Supplied information:
(* Let $U=\sum_{j=0}^3c_j\sigma_j\otimes\sigma_j$ be a normalized two-qubit unitary with parameters $x=\pi/4$ and $y=z$. Write $E(\alpha,\beta):=E(\varphi(\alpha,\beta;\frac{\pi}{2},\frac{\pi}{2}))$. Then $$\max_{\alpha\in[0,\pi/4],\ \beta\in[0,\pi/2]}E(\alpha,\beta)=E(\tfrac{\pi}{4},\tfrac{\pi}{4})=H(|c_0|^2,|c_0|^2,|c_2|^2,|c_2|^2).$$
   Context: Pauli matrices: $\sigma_0=I$, $\sigma_1=\begin{pmatrix}0&1\\1&0\end{pmatrix}$, $\sigma_2=\begin{pmatrix}0&-i\\i&0\end{pmatrix}$, $\sigma_3=\begin{pmatrix}1&0\\0&-1\end{pmatrix}$. For real $x,y,z$ set $c_0=\cos x\cos y\cos z+i\sin x\sin y\sin z$, $c_1=\cos x\sin y\sin z+i\sin x\cos y\cos z$, $c_2=\sin x\cos y\sin z+i\cos x\sin y\cos z$, $c_3=\sin x\sin y\cos z+i\cos x\cos y\sin z$, and $U=\sum_{j=0}^3c_j\sigma_j\otimes\sigma_j$ acting on qubits $A,B$. $U$ is called normalized if $\pi/4\ge x\ge y\ge z\ge0$ and $0<y<\pi/4$. $E(\varphi(\alpha,\beta;\frac{\pi}{2},\frac{\pi}{2}))$ denotes the entanglement entropy $S(\mathrm{Tr}_{AR_A}|\chi\rangle\langle\chi|)$ (von Neumann entropy, base-2 logarithm) of $|\chi\rangle=U\big((\cos\alpha|00\rangle+\sin\alpha|11\rangle)_{AR_A}\otimes(\cos\beta|00\rangle+\sin\beta|11\rangle)_{BR_B}\big)$, with $R_A,R_B$ qubits. $H$ is the base-2 Shannon entropy. *)

From HB Require Import structures.
From mathcomp Require Import all_boot all_order all_algebra.
From mathcomp Require Import all_classical all_reals all_analysis.
From mathcomp Require Import complex.
From Stdlib Require Import ClassicalEpsilon.

Set Implicit Arguments.
Unset Strict Implicit.
Unset Printing Implicit Defensive.

Import Order.TTheory GRing.Theory Num.Theory.
Local Open Scope ring_scope.

Section QDefs.
Variable R : realType.
Local Notation C := R[i].

Definition pauli (j : 'I_4) : 'M[C]_2 :=
  \matrix_(r < 2, s < 2)
   match nat_of_ord j with
   | 0 => if r == s then 1 else 0
   | 1 => if r != s then 1 else 0
   | 2 => if r == s then 0 else if r == 0 :> nat then Complex 0 (-1) else Complex 0 1
   | _ => if r == s then (if r == 0 :> nat then 1 else -1) else 0
   end.

Definition coef_c (x y z : R) (j : 'I_4) : C :=
  match nat_of_ord j with
  | 0 => Complex (cos x * cos y * cos z) (sin x * sin y * sin z)
  | 1 => Complex (cos x * sin y * sin z) (sin x * cos y * cos z)
  | 2 => Complex (sin x * cos y * sin z) (cos x * sin y * cos z)
  | _ => Complex (sin x * sin y * cos z) (cos x * cos y * sin z)
  end.

(* matrix element <a' b'| U |a b> of U = sum_j c_j sigma_j (x) sigma_j,
   first tensor factor on qubit A, second on qubit B *)
Definition Uel (x y z : R) (a' b' a b : 'I_2) : C :=
  \sum_(j < 4) coef_c x y z j * pauli j a' a * pauli j b' b.

(* coefficients of cos t |00> + sin t |11> *)
Definition phi2 (t : R) (i k : 'I_2) : C :=
  if i == k then (if i == 0 :> nat then Complex (cos t) 0 else Complex (sin t) 0) else 0.

(* amplitude <a, rA, b, rB | chi> of
   chi = U ((cos al|00>+sin al|11>)_{A RA} (x) (cos be|00>+sin be|11>)_{B RB}) *)
Definition chi (x y z al be : R) (a rA b rB : 'I_2) : C :=
  \sum_(a0 < 2) \sum_(b0 < 2) Uel x y z a b a0 b0 * phi2 al a0 rA * phi2 be b0 rB.

(* index i : 'I_4 of the A RA system encodes (a, rA) = (i / 2, i mod 2) *)
Definition hi (i : 'I_4) : 'I_2 := inord (i %/ 2).
Definition lo (i : 'I_4) : 'I_2 := inord (i %% 2).

(* reduced density matrix Tr_{B RB} |chi><chi| on A RA *)
Definition rhoA (x y z al be : R) : 'M[C]_4 :=
  \matrix_(i < 4, k < 4)
    \sum_(b < 2) \sum_(rB < 2)
      chi x y z al be (hi i) (lo i) b rB * conjc (chi x y z al be (hi k) (lo k) b rB).

Definition eta (t : R) : R := if 0 < t then - (t * ln t / ln 2) else 0.

Definition spectrum n (M : 'M[C]_n) : seq C :=
  epsilon (inhabits [::])
    (fun rs : seq C => char_poly M = \prod_(l <- rs) ('X - l%:P)).

(* von Neumann entropy, base 2 (eigenvalues of a density matrix are real) *)
Definition vN_entropy n (M : 'M[C]_n) : R :=
  \sum_(l <- spectrum M) eta (complex.Re l).

Definition shannon (p : seq R) : R := \sum_(t <- p) eta t.

Definition Ent (x y z al be : R) : R := vN_entropy (rhoA x y z al be).

Definition normalized (x y z : R) : Prop :=
  pi / 4 >= x /\ x >= y /\ y >= z /\ z >= 0 /\ 0 < y /\ y < pi / 4.

End QDefs.

From Pilot Require Import Defs.
From HB Require Import structures.
From mathcomp Require Import all_boot all_order all_algebra.
From mathcomp Require Import all_classical all_reals all_analysis.
From mathcomp Require Import complex ring lra.
From Stdlib Require Import ClassicalEpsilon.
Import Order.TTheory GRing.Theory Num.Theory.
Local Open Scope ring_scope.
Local Open Scope complex_scope.

(* U preserves the parity of AB, so the reduced state of A R_A is block
   diagonal with respect to the parity of A R_A, with two 2x2 blocks.  For
   x = pi/4 and y = z, with w = sin y cos y, a = cos 2al and b = cos 2be, the
   blocks have traces 1/2 + w a b and 1/2 - w a b and the same determinant
   d = w^2 (1 - 2 w^2) (1 - a^2) (1 - b^2) / 2, so the spectrum consists of the
   roots (t +- sqrt (t^2 - 4 d)) / 2 of the two quadratics X^2 - t X + d.
   Let P = |c0|^2 = (1 - 2 w^2) / 2 and Q = |c2|^2 = w^2, so that Q <= P.
   By Gibbs' inequality against (P, Q, P, Q) the entropy of the spectrum is at
   most -(l1 + l3) log P - (l2 + l4) log Q, where l1 and l3 are the larger roots
   of the two quadratics, and this is at most H(P, P, Q, Q) as soon as
   l1 + l3 >= 2 P, i.e. sqrt (t1^2 - 4 d) + sqrt (t2^2 - 4 d) >= 1 - 4 w^2.
   It suffices to check this elementary inequality after replacing
   (1 - a^2) (1 - b^2) by its upper bound (1 - |a b|)^2; squaring twice then
   reduces it to a polynomial inequality.  At al = be = pi/4 we have a = b = 0
   and the spectrum is exactly P, Q, P, Q. *)

Local Notation e k := (@inord 3 k).

Definition block03 (i : 'I_4) : bool := (i == 0 :> nat) || (i == 3 :> nat).

Definition blockdiag03 {T : comRingType} (A : 'M[T]_4) : Prop :=
  forall i j, block03 i != block03 j -> A i j = 0.

Lemma det_blockdiag03 (T : comRingType) (A : 'M[T]_4) : blockdiag03 A ->
  \det A = (A (e 0) (e 0) * A (e 3) (e 3) - A (e 0) (e 3) * A (e 3) (e 0))
         * (A (e 1) (e 1) * A (e 2) (e 2) - A (e 1) (e 2) * A (e 2) (e 1)).
Proof.
move=> A0.
have [f Af] : {f : nat -> nat -> T | forall i j : 'I_4, A i j = f i j}.
  by exists (fun i j => A (e i) (e j)) => i j; rewrite !inord_val.
have f0 i j : (i < 4)%N -> (j < 4)%N ->
    ((i == 0) || (i == 3)) != ((j == 0) || (j == 3)) -> f i j = 0.
  move=> i4 j4 hij; have := Af (e i) (e j); rewrite !inordK // => <-.
  by apply: A0; rewrite /block03 !inordK.
rewrite !Af !inordK //.
do 3! rewrite ?(expand_det_row _ ord0) /cofactor ?big_ord_recr ?big_ord0 /=.
rewrite !det_mx11 !mxE !Af /bump /=.
rewrite [f 0 1]f0 // [f 0 2]f0 // [f 3 1]f0 // [f 3 2]f0 //.
rewrite [f 1 0]f0 // [f 2 0]f0 // [f 1 3]f0 // [f 2 3]f0 //.
ring.
Qed.

Lemma char_poly_blockdiag03 (T : comRingType) (A : 'M[T]_4) : blockdiag03 A ->
  char_poly A =
    (('X - (A (e 0) (e 0))%:P) * ('X - (A (e 3) (e 3))%:P)
       - (A (e 0) (e 3))%:P * (A (e 3) (e 0))%:P)
  * (('X - (A (e 1) (e 1))%:P) * ('X - (A (e 2) (e 2))%:P)
       - (A (e 1) (e 2))%:P * (A (e 2) (e 1))%:P).
Proof.
move=> A0; rewrite /char_poly (@det_blockdiag03 {poly T}).
  by rewrite !mxE !eqxx -!val_eqE /= !inordK // !mulr1n !mulr0n !sub0r !mulrNN.
move=> i j hij; rewrite !mxE A0 // oppr0 addr0.
by have [ij | _] := eqVneq i j; [rewrite ij eqxx in hij | rewrite mulr0n].
Qed.

Lemma XsubC_quadratic (T : comRingType) (a b c d l1 l2 : T) :
  a + b = l1 + l2 -> a * b - c * d = l1 * l2 ->
  ('X - a%:P) * ('X - b%:P) - c%:P * d%:P = ('X - l1%:P) * ('X - l2%:P) :> {poly T}.
Proof.
have expand u v p : ('X - u%:P) * ('X - v%:P) - p%:P
    = 'X ^+ 2 - (u + v)%:P * 'X + (u * v - p)%:P :> {poly T}.
  by rewrite polyCD polyCB polyCM; ring.
move=> sum prod.
by rewrite -polyCM expand -[RHS]subr0 -polyC0 expand sum prod subr0.
Qed.

Definition quad_roots {R : rcfType} (t d : R) : seq R :=
  [:: (t + Num.sqrt (t ^+ 2 - 4 * d)) / 2; (t - Num.sqrt (t ^+ 2 - 4 * d)) / 2].

Lemma quad_roots_factor (R : rcfType) (a b c e : R[i]) (t d : R) :
  a + b = t%:C -> a * b - c * e = d%:C -> 0 <= t ^+ 2 - 4 * d ->
  ('X - a%:P) * ('X - b%:P) - c%:P * e%:P = \prod_(l <- quad_roots t d) ('X - l%:C%:P).
Proof.
move=> sum prod disc; rewrite !big_cons big_nil mulr1.
apply: XsubC_quadratic; rewrite ?sum ?prod -?rmorphD -?rmorphM; congr _%:C.
  by field.
set s := Num.sqrt _.
rewrite (_ : (t + s) / 2 * ((t - s) / 2) = (t ^+ 2 - s ^+ 2) / 4); last by field.
by rewrite sqr_sqrtr //; field.
Qed.

Lemma perm_spectrum (R : realType) n (M : 'M[R[i]]_n) (s : seq R[i]) :
  char_poly M = \prod_(l <- s) ('X - l%:P) -> perm_eq (spectrum M) s.
Proof.
move=> hs; apply: prod_XsubC_eq; rewrite /spectrum.
have := epsilon_spec (inhabits [::])
  (fun rs : seq R[i] => char_poly M = \prod_(l <- rs) ('X - l%:P)) (ex_intro _ s hs).
by move=> <-.
Qed.

Lemma vN_entropy_real_roots (R : realType) n (M : 'M[R[i]]_n) (s : seq R) :
  char_poly M = \prod_(l <- s) ('X - l%:C%:P) -> vN_entropy M = shannon s.
Proof.
rewrite -(big_map (real_complex R) xpredT (fun l => 'X - l%:P)) => /perm_spectrum hs.
by rewrite /vN_entropy (perm_big _ hs) big_map.
Qed.

Lemma normc_complex (R : rcfType) (a b : R) :
  Normc.normc (Complex a b) ^+ 2 = a ^+ 2 + b ^+ 2.
Proof. by rewrite /= sqr_sqrtr // addr_ge0 ?sqr_ge0. Qed.

Lemma mulcJ (R : rcfType) (u : R[i]) : u * conjc u = (Normc.normc u ^+ 2)%:C.
Proof.
case: u => a b; rewrite normc_complex; simpc.
by rewrite /real_complex_def [b * a]mulrC addNr -!expr2.
Qed.

Section Entropy.
Context {R : realType}.

Lemma ln2_gt0 : 0 < ln (2 : R).
Proof. by apply: ln_gt0; lra. Qed.

Lemma eta_gt0E {t : R} : 0 < t -> Defs.eta t = - (t * ln t) / ln 2.
Proof. by move=> t_gt0; rewrite /Defs.eta t_gt0 mulNr. Qed.

Lemma eta_le_cross {l m : R} : 0 <= l -> 0 < m -> Defs.eta l <= (m - l - l * ln m) / ln 2.
Proof.
move=> l_ge0 m_gt0; have l2 := ln2_gt0.
have [l_gt0 | l_le0] := ltrP 0 l; last first.
  have -> : l = 0 by apply/eqP; rewrite eq_le l_le0 l_ge0.
  by rewrite /Defs.eta ltxx mul0r !subr0 divr_ge0 // ltW.
rewrite eta_gt0E // ler_pM2r ?invr_gt0 //.
have ml_gt0 : 0 < m / l by apply: divr_gt0.
have := @le_ln1Dx R (m / l - 1) ltac:(lra).
rewrite addrC subrK ln_div ?posrE // => /(ler_wpM2l (ltW l_gt0)).
have -> : l * (m / l - 1) = m - l by field; apply/eqP; lra.
rewrite mulrBr; lra.
Qed.

Lemma shannon4_le (l1 l2 l3 l4 P Q : R) :
  0 <= l1 -> 0 <= l2 -> 0 <= l3 -> 0 <= l4 -> l1 + l2 + l3 + l4 = 1 ->
  0 < Q <= P -> 2 * P + 2 * Q = 1 -> 2 * P <= l1 + l3 ->
  shannon [:: l1; l2; l3; l4] <= shannon [:: P; P; Q; Q].
Proof.
move=> l1_ge0 l2_ge0 l3_ge0 l4_ge0 l_sum /andP[Q_gt0 QP] PQ_sum l13.
have P_gt0 : 0 < P by lra.
rewrite /shannon !big_cons big_nil !addr0 !addrA (eta_gt0E P_gt0) (eta_gt0E Q_gt0).
have := eta_le_cross l1_ge0 P_gt0; have := eta_le_cross l2_ge0 Q_gt0.
have := eta_le_cross l3_ge0 P_gt0; have := eta_le_cross l4_ge0 Q_gt0.
move=> e4 e3 e2 e1; apply: le_trans (lerD (lerD (lerD e1 e2) e3) e4) _.
rewrite -!mulrDl ler_pM2r ?invr_gt0 ?ln2_gt0 //.
have lnQP : ln Q <= ln P by rewrite ler_ln ?posrE.
have key : 0 <= l1 * ln P + l3 * ln P - 2 * (P * ln P) - l1 * ln Q - l3 * ln Q
                + 2 * (P * ln Q).
  rewrite (_ : _ - _ + _ = (l1 + l3 - 2 * P) * (ln P - ln Q)); last by ring.
  by apply: mulr_ge0; lra.
have eQ1 : l1 * ln Q + l2 * ln Q + l3 * ln Q + l4 * ln Q = ln Q.
  by rewrite -!mulrDl l_sum mul1r.
have eQ2 : 2 * (P * ln Q) + 2 * (Q * ln Q) = ln Q by rewrite !mulrA -mulrDl PQ_sum mul1r.
lra.
Qed.
Theorem lemma1 (d n : nat) (hd : (0 < d)%N) (hn : (0 < n)%N)
  (M : Zdn d n -> Op d n -> Op d n) (hM : instrument M)
  (rho : Op d n) (hrho : density rho)
  (m : nat) (hm : (0 < m)%N) (k : m.-tuple (Zdn d n)) :
  routine_prob M rho 0 k = \tr (foldl (fun sigma kk => hatM M kk sigma) rho k).
Proof.
case: hrho => psd_rho tr_rho.
have := routine_prob_weight hM k 0 psd_rho; rewrite tr_rho invr1 scale1r mul1r => ->.
by rewrite (routine_weight_compiled hd hM) Xop0 conjop1.
Qed.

Try it: Lines with "quadratics": find them in the data and copy each one.

Solved problem:
   roots (t +- sqrt (t^2 - 4 d)) / 2 of the two quadratics X^2 - t X + d.
   of the two quadratics, and this is at most H(P, P, Q, Q) as soon as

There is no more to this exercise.